What about the basis of calculation. Should acid adjustment calculations be based on *"must"* volume or approximate* finished wine* estimate.

What is the correct basis for calculation.


----------



## GreginND (Mar 5, 2013)

freddie said:


> Thanks for the helpful pointers.
> 
> What about the basis of calculation. Should acid adjustment calculations be based on *"must"* volume or approximate* finished wine* estimate.
> 
> What is the correct basis for calculation.



You will probably get different answers about this. But here's mine.

I think you should do adjustments first based on your best estimate of the liquid volume you have at the time. So I would say do not adjust based on the total volume of the must.

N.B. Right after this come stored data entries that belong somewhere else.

(* Cut the closed path at its first return to u: the first piece is a cycle,
   to which (NE) applies, and the rest is a shorter closed path at u. *)
Lemma closed_path_out_unique u p g f :
  path_ok s r u p -> path_end r u p = u -> g \in p -> s f = s g -> f = g.
Proof.
have [n] := ubnP (size p); elim: n => // n IHn in u p g *.
case: p => [//|f1 p] /= /ltnSE size_p /andP[/eqP src_f1 ok_p] end_p.
have cycle_out q : path_ok s r (r f1) q -> path_end r (r f1) q = u ->
    ~~ has (fun h => s h == u) q -> g \in f1 :: q -> s f = s g -> f = g.
  move=> ok_q end_q /hasPn q_avoids_u g_q fg_src.
  have cyc : is_cycle s r (f1 :: q).
    exists f1, q; rewrite /= src_f1 eqxx ok_q end_q.
    by do 3!split=> //; apply: q_avoids_u.
  have [//|neq_fg] := eqVneq f g.
  by case: (NE cyc); exists f, g.
have [has_u|no_u] := boolP (has (fun h => s h == u) p); last exact: cycle_out.
move: size_p ok_p end_p; case/split_find: has_u => h q t /eqP src_h q_avoids_u.
rewrite cat_rcons path_ok_cat path_end_cat /= src_h.
move=> size_p /and3P[ok_q /eqP end_q ok_t] end_p.
rewrite -cat_cons mem_cat => /orP[g_q | g_ht].
  exact: (cycle_out q ok_q (esym end_q)).
apply: (IHn u (h :: t)) => //=; last by rewrite src_h eqxx.
by apply: leq_ltn_trans size_p; rewrite size_cat leq_addl.
Qed.

Lemma on_closed_path_out_unique u f g :
  on_closed_path u -> s f = u -> s g = u -> f = g.
Proof.
case=> -[|f1 p] [ok_p // _ end_p] src_f src_g.
have src_f1 : s f1 = u by case/andP: ok_p => /eqP.
have f1_p : f1 \in f1 :: p := mem_head f1 p.
rewrite (closed_path_out_unique ok_p end_p f1_p (f := f)) ?src_f //.
by rewrite (closed_path_out_unique ok_p end_p f1_p (f := g)) ?src_g.
Qed.

Lemma on_closed_path_rng u f : on_closed_path u -> s f = u -> on_closed_path (r f).
Proof.
move=> closed_u src_f; case: (closed_u) => -[|f1 p] [ok_p // _ end_p].
move: ok_p end_p => /= /andP[/eqP src_f1 ok_p] end_p.
have <- : f1 = f by apply: (on_closed_path_out_unique closed_u).
exists (rcons p f1); split; last by rewrite path_end_rcons.
- by rewrite path_ok_rcons ok_p end_p src_f1 eqxx.
- by rewrite -size_eq0 size_rcons.
Qed.

Lemma on_closed_path_src u p g :
  on_closed_path u -> path_ok s r u p -> g \in p -> on_closed_path (s g).
Proof.
elim: p u => [//|f p IHp] u closed_u /= /andP[/eqP src_f ok_p].
rewrite inE => /orP[/eqP-> | g_p]; first by rewrite src_f.
exact: IHp (on_closed_path_rng closed_u src_f) ok_p g_p.
Qed.

Definition next_vertex (u : V) : V :=
  if [pick f | s f == u] is Some f then r f else u.

Lemma next_vertexE u f : on_closed_path u -> s f = u -> next_vertex u = r f.
Proof.
move=> closed_u src_f; rewrite /next_vertex; case: pickP => [e /eqP src_e|].
  by rewrite (on_closed_path_out_unique closed_u src_e src_f).
by move/(_ f); rewrite src_f eqxx.
Qed.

If there is an error, you are erring on the side of not adding enough rather than too much. The former you can fix. The latter you cannot.

Actually, it's good practice to do your calculation and add half (or something less) the amount first and retest.


----------



## ShawnDTurner (Mar 5, 2013)

Even with a PH of that value, if you take it through MLF the PH will rise. This is a common practice in the Wine Industry. Often an adjustment is made with the understanding that either MLF or Cold Stabilization will be done, thus changing your PH value.


----------



## freddie (Mar 5, 2013)

So do I do my calculations based on the expected liquid volume and then add half, or must volume and half of that ?.

Either way, I'd like to be sure I am adopting the right procedure that will enable corrections to be made later on if need be.


----------



## ShawnDTurner (Mar 5, 2013)

I second GreG


----------



## phineascoates (Mar 10, 2013)

freddie said:


> Just picked some Shiraz and took some readings. Baume was 13.5. pH came in at 3.92 which is out of the ideal range. Also took readings for Sangiovese which came in at 3.55. I'm using a Hanna portable pH Meter, and, I may add might have to be re calibrated.
> 
> So I targeted a pH of 3.6 at crush. So for 45L of must I added 144g of Tartaric Acid. The next day at the onset of fermentation, my new pH reading is 3.32.
> 
> ...


I think everyday you have make some output so that you will notice of what is new and it will help you to recognize also. Therefore, try to make some adjustment of your process.


----------



## whackfol (Mar 11, 2013)

What was your assumption for your addition? You added 144 g tartaric to +/- 30L finished wine or 4.8g/L. How did you figure this would change your pH from 3.92 to 3.6?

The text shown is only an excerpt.